Sorry about #313 - old news and I got timed out on the edit.
Anyway:
I have not had a chance to read the book yet, but the discussion above does not offer much evidence of evolution. Technology is separate from evolution. Our brains have far more to mimic and are stimulated by greater variety than were the brains of our ancestors. So, we are not smarter than they were, just better trained.
Skilled archaeologists today cannot reliably recreate the technology of a Folsom projectile point. A Folsom brain might do wonders with modern technology.
Wait. Maybe I’m missing your point. Is this supposed to be evidence that blacks and Hispanics are genetically inferior to whites? Do cultural factors play no part in this in your view? Could being brought to this country in chains and being treated like animals for hundreds of years have any effect on the nature of certain populations here?
Just a note that this thread is over a year old. Also, if you were hoping for a direct answer, NDD was banned a while back.
But yes, NDD did think that exactly. He, among other posters on the board, minimize or deny the effect societal factors play across a number of outcomes.
yeah -I didn’t realize how old or how lengthy this thread was, nor did I notice that** NDD **had been banned when I jumped at that statement of his. Oh, well - it was an interesting read.
While Cochrane et.al. may be talking about genetic evolution, that’s not the only kind of evolution.
It’s trivially obvious that over time, the principle mechanisms of evolution have changed. Early on, sexual reproduction was a big boost, both in terms of speciation and morphological changes. The development of sophisticated brains allowed mammals to adapt more quickly to changing environments, especially primates (yes, this is controversial). Language allowed more and more sophisticated lessons to be passed, both to future generations and laterally. Writing and telecommunications extended these, adding a more durable medium for recording as well.
The result of these innovations has been a much faster rate of change in the way humanity works. Now that we dominate the world, it also has the ability to change the way the world works, even the climate (OMG!)
In the future, in addition to our improved language and communication technologies, we’ll add artificial intelligence and genetic engineering, and the rate of change will continue to accelerate. Would we even recognize our descendents as human, 1000 years from now?
Of course technology has affected our genetic evolution. However, I doubt most specific claims in that regard.
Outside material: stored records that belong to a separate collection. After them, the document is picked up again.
(* Let $M$ be a combinatorial $3$-pseudomanifold with vertex set $V=V_1\dot\cup V_2$, let $S_{(V_1,V_2)}$ be the associated slicing, let $Q$ be a quadrilateral of $S_{(V_1,V_2)}$, and let $x\in V_1$, $a\in V_2$. Then $Q$ shares at most one edge with the trace $C^x$ and at most one edge with the trace $C_a$.
   Context: A combinatorial $3$-pseudomanifold is a finite pure $3$-dimensional simplicial complex in which the link of every vertex is a combinatorial surface. A function $f:M\to\mathbb{R}$ is regular simplexwise linear (rsl) if it is linear on every simplex and takes pairwise distinct values on the vertices. Given a partition $V=V_1\dot\cup V_2$ of the vertex set into nonempty sets, choose an rsl-function $f$ with $f(v)<f(w)$ for all $v\in V_1$, $w\in V_2$ and $x_0$ strictly between $\max f(V_1)$ and $\min f(V_2)$; the slicing $S_{(V_1,V_2)}$ is the polyhedral complex $f^{-1}(x_0)$ (made of triangles and quadrilaterals). Each vertex of $S_{(V_1,V_2)}$ is the intersection point of $f^{-1}(x_0)$ with an edge $\langle u,w\rangle$ of $M$ with $u\in V_1$, $w\in V_2$, and is denoted $\binom{u}{w}$. For $x\in V_1$ define $C^x_2$ as the set of faces of $S_{(V_1,V_2)}$ of the form $\langle\binom{x}{a},\binom{x}{b},\binom{x}{c}\rangle$ with $a,b,c\in V_2$, and $C^x_1$ as the set of faces of $S_{(V_1,V_2)}$ not in $C^x_2$ of the form $\langle\binom{x}{a},\binom{x}{b}\rangle$ with $a,b\in V_2$; the trace of $x$ is $C^x:=\overline{C^x_2\cup C^x_1}$ (the subcomplex generated). Analogously, for $a\in V_2$, the trace $C_a$ is the closure of the set of triangles $\langle\binom{x}{a},\binom{y}{a},\binom{z}{a}\rangle$ and edges $\langle\binom{x}{a},\binom{y}{a}\rangle$ ($x,y,z\in V_1$) of $S_{(V_1,V_2)}$. *)

From mathcomp Require Import all_boot.
Set Implicit Arguments. Unset Strict Implicit. Unset Printing Implicit Defensive.

Section Defs.
Variable V : finType.

Definition simplicial_complex (K : {set {set V}}) : Prop :=
  set0 \notin K /\
  forall s t : {set V}, s \in K -> t \subset s -> t != set0 -> t \in K.

Definition pure_dim (d : nat) (K : {set {set V}}) : Prop :=
  (exists s, s \in K) /\
  (forall s, s \in K -> #|s| <= d.+1) /\
  (forall s, s \in K -> exists2 t, t \in K & (s \subset t) /\ #|t| = d.+1).

Definition link (K : {set {set V}}) (v : V) : {set {set V}} :=
  [set t in K | (v \notin t) && (v |: t \in K)].

Definition cycle_complex (L : {set {set V}}) : Prop :=
  simplicial_complex L /\ pure_dim 1 L /\
  (forall u, [set u] \in L -> #|[set e in L | (#|e| == 2) && (u \in e)]| = 2) /\
  (forall u w, [set u] \in L -> [set w] \in L ->
     connect (fun p q : V => [set p; q] \in L) u w).

Definition comb_surface (K : {set {set V}}) : Prop :=
  simplicial_complex K /\ pure_dim 2 K /\
  (forall w, [set w] \in K -> cycle_complex (link K w)).

Definition comb_3_pseudomanifold (M : {set {set V}}) : Prop :=
  simplicial_complex M /\ pure_dim 3 M /\
  (forall v : V, [set v] \in M) /\
  (forall v : V, comb_surface (link M v)).

(** Slicing S_(V1,V2), with V2 = ~: V1.  The vertex (u,w) : V * V stands for
    binom(u,w), the point where f^{-1}(x0) meets the edge <u,w>.  The cell of
    the slicing cut out of a simplex s of M meeting both V1 and V2 is
    identified with its vertex set. *)
Definition mixed (V1 : {set V}) (s : {set V}) : bool :=
  (s :&: V1 != set0) && (s :\: V1 != set0).

Definition cell (V1 : {set V}) (s : {set V}) : {set V * V} :=
  [set p : V * V | (p.1 \in s :&: V1) && (p.2 \in s :\: V1)].

Definition slicing (M : {set {set V}}) (V1 : {set V}) : {set {set V * V}} :=
  [set cell V1 s | s in [set s in M | mixed V1 s]].

(** Faces of the slicing are vertices (1 point), edges (2 points),
    triangles (3 points) and quadrilaterals (4 points). *)

Definition Cx2 M V1 (x : V) : {set {set V * V}} :=
  [set F in slicing M V1 | (#|F| == 3) && [forall p in F, p.1 == x]].
Definition Cx1 M V1 (x : V) : {set {set V * V}} :=
  [set F in slicing M V1 | (F \notin Cx2 M V1 x) && (#|F| == 2) &&
                           [forall p in F, p.1 == x]].
Definition trace_up M V1 (x : V) : {set {set V * V}} :=
  [set G in slicing M V1 | [exists F in Cx2 M V1 x :|: Cx1 M V1 x, G \subset F]].

Definition Ca2 M V1 (a : V) : {set {set V * V}} :=
  [set F in slicing M V1 | (#|F| == 3) && [forall p in F, p.2 == a]].
Definition Ca1 M V1 (a : V) : {set {set V * V}} :=
  [set F in slicing M V1 | (#|F| == 2) && [forall p in F, p.2 == a]].
Definition trace_down M V1 (a : V) : {set {set V * V}} :=
  [set G in slicing M V1 | [exists F in Ca2 M V1 a :|: Ca1 M V1 a, G \subset F]].

Definition shared_edges M V1 (Q : {set V * V}) (C : {set {set V * V}}) :=
  [set e in C | (e \in slicing M V1) && (#|e| == 2) && (e \subset Q)].
End Defs.

(** A quadrilateral of the slicing is the cell of a tetrahedron split 2+2 by
    the partition, i.e. the product of two pairs {x, y} x {a, b}.  Every face
    of C^x has first coordinate x, so every edge it shares with the
    quadrilateral lies in the fiber over x, which has at most two points, and
    hence equals that fiber; symmetrically for C_a. *)
From mathcomp Require Import all_boot.
From mathcomp Require Import zify.

Set Implicit Arguments. Unset Strict Implicit. Unset Printing Implicit Defensive.

Lemma card_pairs_in_le1 (T : finType) (S : {set T}) (E : {set {set T}}) :
  #|S| <= 2 -> {in E, forall e : {set T}, e \subset S /\ #|e| = 2} -> #|E| <= 1.
Proof.
move=> cardS sub_E; rewrite -(cards1 S); apply: subset_leq_card.
apply/subsetP=> e /sub_E [eS ce]; rewrite in_set1 eqEcard eS ce.
by apply: leq_trans cardS _.
Qed.

Lemma card_setX_fst_fiber (T1 T2 : finType) (A : {set T1}) (B : {set T2}) x :
  #|[set p in setX A B | p.1 == x]| <= #|B|.
Proof.
apply: (leq_trans _ (leq_imset_card (pair x) B)); apply: subset_leq_card.
apply/subsetP=> -[p1 p2]; rewrite !inE /= => /andP [/andP [_ p2B] /eqP ->].
exact: imset_f.
Qed.

Lemma card_setX_snd_fiber (T1 T2 : finType) (A : {set T1}) (B : {set T2}) a :
  #|[set p in setX A B | p.2 == a]| <= #|A|.
Proof.
apply: (leq_trans _ (leq_imset_card (pair^~ a) A)); apply: subset_leq_card.
apply/subsetP=> -[p1 p2]; rewrite !inE /= => /andP [/andP [p1A _] /eqP ->].
exact: (imset_f (pair^~ a)).
Qed.

Section Slicing.
Variables (V : finType) (M : {set {set V}}) (V1 : {set V}).

Lemma cellE (s : {set V}) : cell V1 s = setX (s :&: V1) (s :\: V1).
Proof. by apply/setP=> p; rewrite !inE. Qed.

Lemma quadrilateral_cell_parts (s : {set V}) :
  #|s| <= 4 -> #|cell V1 s| = 4 -> #|s :&: V1| = 2 /\ #|s :\: V1| = 2.
Proof.
rewrite cellE cardsX -(cardsID V1 s).
move: #|s :&: V1| #|s :\: V1| => m n; nia.
Qed.

Lemma trace_up_fst x G p : G \in trace_up M V1 x -> p \in G -> p.1 = x.
Proof.
rewrite inE => /andP [_ /existsP [F /andP [CxF GF]]] /(subsetP GF) pF.
by apply/eqP; move: CxF; rewrite !inE => /orP [] /and3P [_ _ /forall_inP]; apply.
Qed.

Lemma trace_down_snd a G p : G \in trace_down M V1 a -> p \in G -> p.2 = a.
Proof.
rewrite inE => /andP [_ /existsP [F /andP [CaF GF]]] /(subsetP GF) pF.
by apply/eqP; move: CaF; rewrite !inE => /orP [] /andP [_ /andP [_ /forall_inP]]; apply.
Qed.

Lemma shared_edgesP (Q : {set V * V}) (C : {set {set V * V}}) (P : pred (V * V)) :
  (forall G p, G \in C -> p \in G -> P p) ->
  {in shared_edges M V1 Q C, forall e : {set V * V}, e \subset [set p in Q | P p] /\ #|e| = 2}.
Proof.
move=> CP e; rewrite !inE => /andP [Ce /andP [/andP [_ /eqP ce] eQ]].
split=> //; apply/subsetP=> p pe; rewrite inE (subsetP eQ _ pe).
exact: CP pe.
Qed.

End Slicing.

Theorem lemma3p6 (V : finType) (M : {set {set V}}) (V1 : {set V})
  (Q : {set V * V}) (x a : V) :
  comb_3_pseudomanifold M ->
  V1 != set0 -> ~: V1 != set0 ->
  Q \in slicing M V1 -> #|Q| = 4 ->
  x \in V1 -> a \in ~: V1 ->
  #|shared_edges M V1 Q (trace_up M V1 x)| <= 1 /\
  #|shared_edges M V1 Q (trace_down M V1 a)| <= 1.
Proof.
move=> [_ [[_ [dimM _]] _]] _ _ /imsetP [s]; rewrite inE => /andP [sM _] ->.
move=> cardQ _ _.
have [cardI cardD] := quadrilateral_cell_parts (dimM s sM) cardQ.
rewrite cellE; split.
- apply: (card_pairs_in_le1 _ (shared_edgesP (P := fun p => p.1 == x) _)).
    by rewrite -cardD card_setX_fst_fiber.
  by move=> G p CxG /(trace_up_fst CxG) ->.
- apply: (card_pairs_in_le1 _ (shared_edgesP (P := fun p => p.2 == a) _)).
    by rewrite -cardI card_setX_snd_fiber.
  by move=> G p CaG /(trace_down_snd CaG) ->.
Qed.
For example, the impact of jails on the gene pool must be miniscule, thanks to the small portion of the population (even in the US), the strength of genetic drift to stabilize the gene pool, and the fact that our justice systems probably aren’t very successful at incarcerating the majority of the worst offenders.
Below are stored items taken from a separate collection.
(* Let $K$ be a self-similar compact set of ratio $\rho$ and module $\mu$, and put $T_u=K^{(u)}\setminus K^{(u+1)}$ for $u\ge0$. Then for every integer $n\ge1$ and every ordinal $0\le\alpha\le\omega^\omega$, $K^{(n)}[\alpha]=K[\omega^n(1+\alpha)]$. Moreover, for every ordinal $0\le\alpha<\omega^\omega$, \[T_0[\alpha]=\begin{cases}K[\alpha]&\text{if }\alpha<\omega,\\ K[\alpha+1]&\text{if }\alpha\ge\omega,\end{cases}\qquad\text{and}\qquad T_u[\alpha]=K[\omega^u(\alpha+1)]\ \text{ for } u\ge1.\]
   Context: For $A\subset\mathbf{R}$, $A'$ denotes the derived set of $A$, $A^{(0)}=A$, $A^{(n+1)}=(A^{(n)})'$. The reverse usual order is $x\preccurlyeq y$ iff $x\ge y$. A self-similar compact set of ratio $\rho>1$ and module $\mu\in\mathbf{N}$ is a compact set $K\subset[0,+\infty)$ with $\rho K^{(\mu)}=K$, well ordered by $\preccurlyeq$, of order type $\omega^\omega+1$. For a set $L\subset\mathbf{R}$ well ordered by $\preccurlyeq$ and an ordinal $\alpha$ less than its order type, $L[\alpha]$ denotes the element of $L$ in position $\alpha$ for $\preccurlyeq$ (positions start at $0$). Ordinal arithmetic is the standard one. *)

From Stdlib Require Import Reals.
From mathcomp Require Import all_boot.
Set Implicit Arguments. Unset Strict Implicit. Unset Printing Implicit Defensive.

(* An ordinal < omega^omega is w^k*c_k + ... + w*c_1 + c_0 (c_i in N); *)
(* it is represented by the little-endian list [c_0; c_1; ...; c_k]  *)
(* without trailing zeros (canonical Cantor normal form).             *)

Fixpoint strip (s : seq nat) : seq nat :=
  if s is x :: s' then
    let t := strip s' in if (t == [::]) && (x == 0) then [::] else x :: t
  else [::].

Lemma strip_idem s : strip (strip s) = strip s.
Proof.
elim: s => //= x s IH; case: ifP => [_|H] //=; by rewrite IH H.
Qed.

Record cnf := CNF { cval : seq nat; cval_canon : strip cval == cval }.

Definition mkc (s : seq nat) : cnf := @CNF (strip s) (introT eqP (strip_idem s)).

Fixpoint lexlt (s t : seq nat) : bool :=
  match s, t with
  | x :: s', y :: t' => (x < y) || ((x == y) && lexlt s' t')
  | _, _ => false
  end.

(* strict order on canonical normal forms: higher degree is bigger, then
   compare coefficients from the highest exponent down *)
Definition cltb (a b : cnf) : bool :=
  let s := cval a in let t := cval b in
  (size s < size t) || ((size s == size t) && lexlt (rev s) (rev t)).

(* ordinal addition on normal forms: alpha + beta, where beta has leading
   exponent k: keep the terms of alpha of exponent > k, add the
   coefficients at exponent k, and take the lower terms of beta *)
Definition radd (s t : seq nat) : seq nat :=
  let t' := strip t in
  if t' is [::] then s else
  let k := (size t').-1 in
  take k t' ++ (nth 0 s k + nth 0 t' k) :: drop k.+1 s.

(* ordinal multiplication on normal forms: for alpha <> 0 of degree d with
   leading coefficient a_d, and beta = w^k b_k + ... + b_0,
   alpha * beta = w^(d+k) b_k + ... + w^(d+1) b_1 + alpha * b_0, where
   alpha * b_0 = w^d (a_d b_0) + (lower terms of alpha) if b_0 > 0. *)
Definition rmul (s t : seq nat) : seq nat :=
  let s' := strip s in let t' := strip t in
  if s' is [::] then [::] else
  let d := (size s').-1 in
  (if head 0 t' == 0 then nseq d.+1 0
   else take d s' ++ [:: last 0 s' * head 0 t']) ++ behead t'.

Definition cadd (a b : cnf) : cnf := mkc (radd (cval a) (cval b)).
Definition cmul (a b : cnf) : cnf := mkc (rmul (cval a) (cval b)).

(* ordinals <= omega^omega; OTop is omega^omega *)
Inductive ordw := OFin of cnf | OTop.

Definition ordlt (a b : ordw) : bool :=
  match a, b with
  | OFin x, OFin y => cltb x y
  | OFin _, OTop => true
  | OTop, _ => false
  end.

Definition ozero : ordw := OFin (mkc [::]).
Definition onat (n : nat) : ordw := OFin (mkc [:: n]).
Definition opow (n : nat) : ordw := OFin (mkc (rcons (nseq n 0) 1)).
Definition omega : ordw := opow 1.

(* They are exact whenever the true result is
   <= omega^omega; results that would exceed omega^omega (only possible
   when the left argument is OTop) are saturated to OTop, and never occur
   in the statement. *)
Definition oadd (a b : ordw) : ordw :=
  match a, b with
  | OFin x, OFin y => OFin (cadd x y)
  | _, _ => OTop
  end.

Definition omul (a b : ordw) : ordw :=
  match a, b with
  | OFin x, OFin y => OFin (cmul x y)
  | OFin x, OTop => if cval x is [::] then ozero else OTop
  | OTop, OFin y => if cval y is [::] then ozero else OTop
  | OTop, OTop => OTop
  end.

Local Open Scope R_scope.

Definition derived (A : R -> Prop) : R -> Prop :=
  fun x => forall eps, 0 < eps -> exists y, A y /\ y <> x /\ Rabs (y - x) < eps.

Fixpoint deriv_n (n : nat) (A : R -> Prop) : R -> Prop :=
  match n with O => A | S n' => derived (deriv_n n' A) end.

Definition rev_iso (L : R -> Prop) (P : ordw -> Prop) (f : R -> ordw) : Prop :=
  (forall x, L x -> P (f x)) /\
  (forall b, P b -> exists x, L x /\ f x = b) /\
  (forall x y, L x -> L y -> (y < x <-> ordlt (f x) (f y))).

(* kpos L a x : x is the element of L in position a for the reverse order,
   i.e. x in L and {y in L | y "precedes" x} = {y in L | y > x} has order
   type a. *)
Definition kpos (L : R -> Prop) (a : ordw) (x : R) : Prop :=
  L x /\ exists f, rev_iso (fun y => L y /\ x < y) (fun b => ordlt b a) f.

(* L is well ordered by the reverse order with order type omega^omega + 1,
   i.e. isomorphic to all of ordw = {ordinals <= omega^omega} *)
Definition type_ww1 (L : R -> Prop) : Prop :=
  exists f, rev_iso L (fun _ => True) f.

Definition self_similar (K : R -> Prop) (rho : R) (mu : nat) : Prop :=
  1 < rho /\
  compact K /\
  (forall x, K x -> 0 <= x) /\
  (forall x, K x <-> exists y, deriv_n mu K y /\ x = rho * y) /\
  type_ww1 K.

Definition Tset (K : R -> Prop) (u : nat) : R -> Prop :=
  fun x => deriv_n u K x /\ ~ deriv_n u.+1 K x.

From Stdlib Require Import Reals Lra Classical ClassicalEpsilon.
From mathcomp Require Import all_boot zify.
Set Implicit Arguments. Unset Strict Implicit. Unset Printing Implicit Defensive.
My guess is that the biggest impact of technology has been to allow a much higher portion of the population to survive, reducing what would ordinarily be considered “fitness” as a factor. In Darwinian terms, the most fit today are the poor uneducated classes that are reproducing most rapidly. (I saw an interesting TED talk that made a convincing argument that this unbalance should diminish in the coming century, thanks to technology and emerging markets.)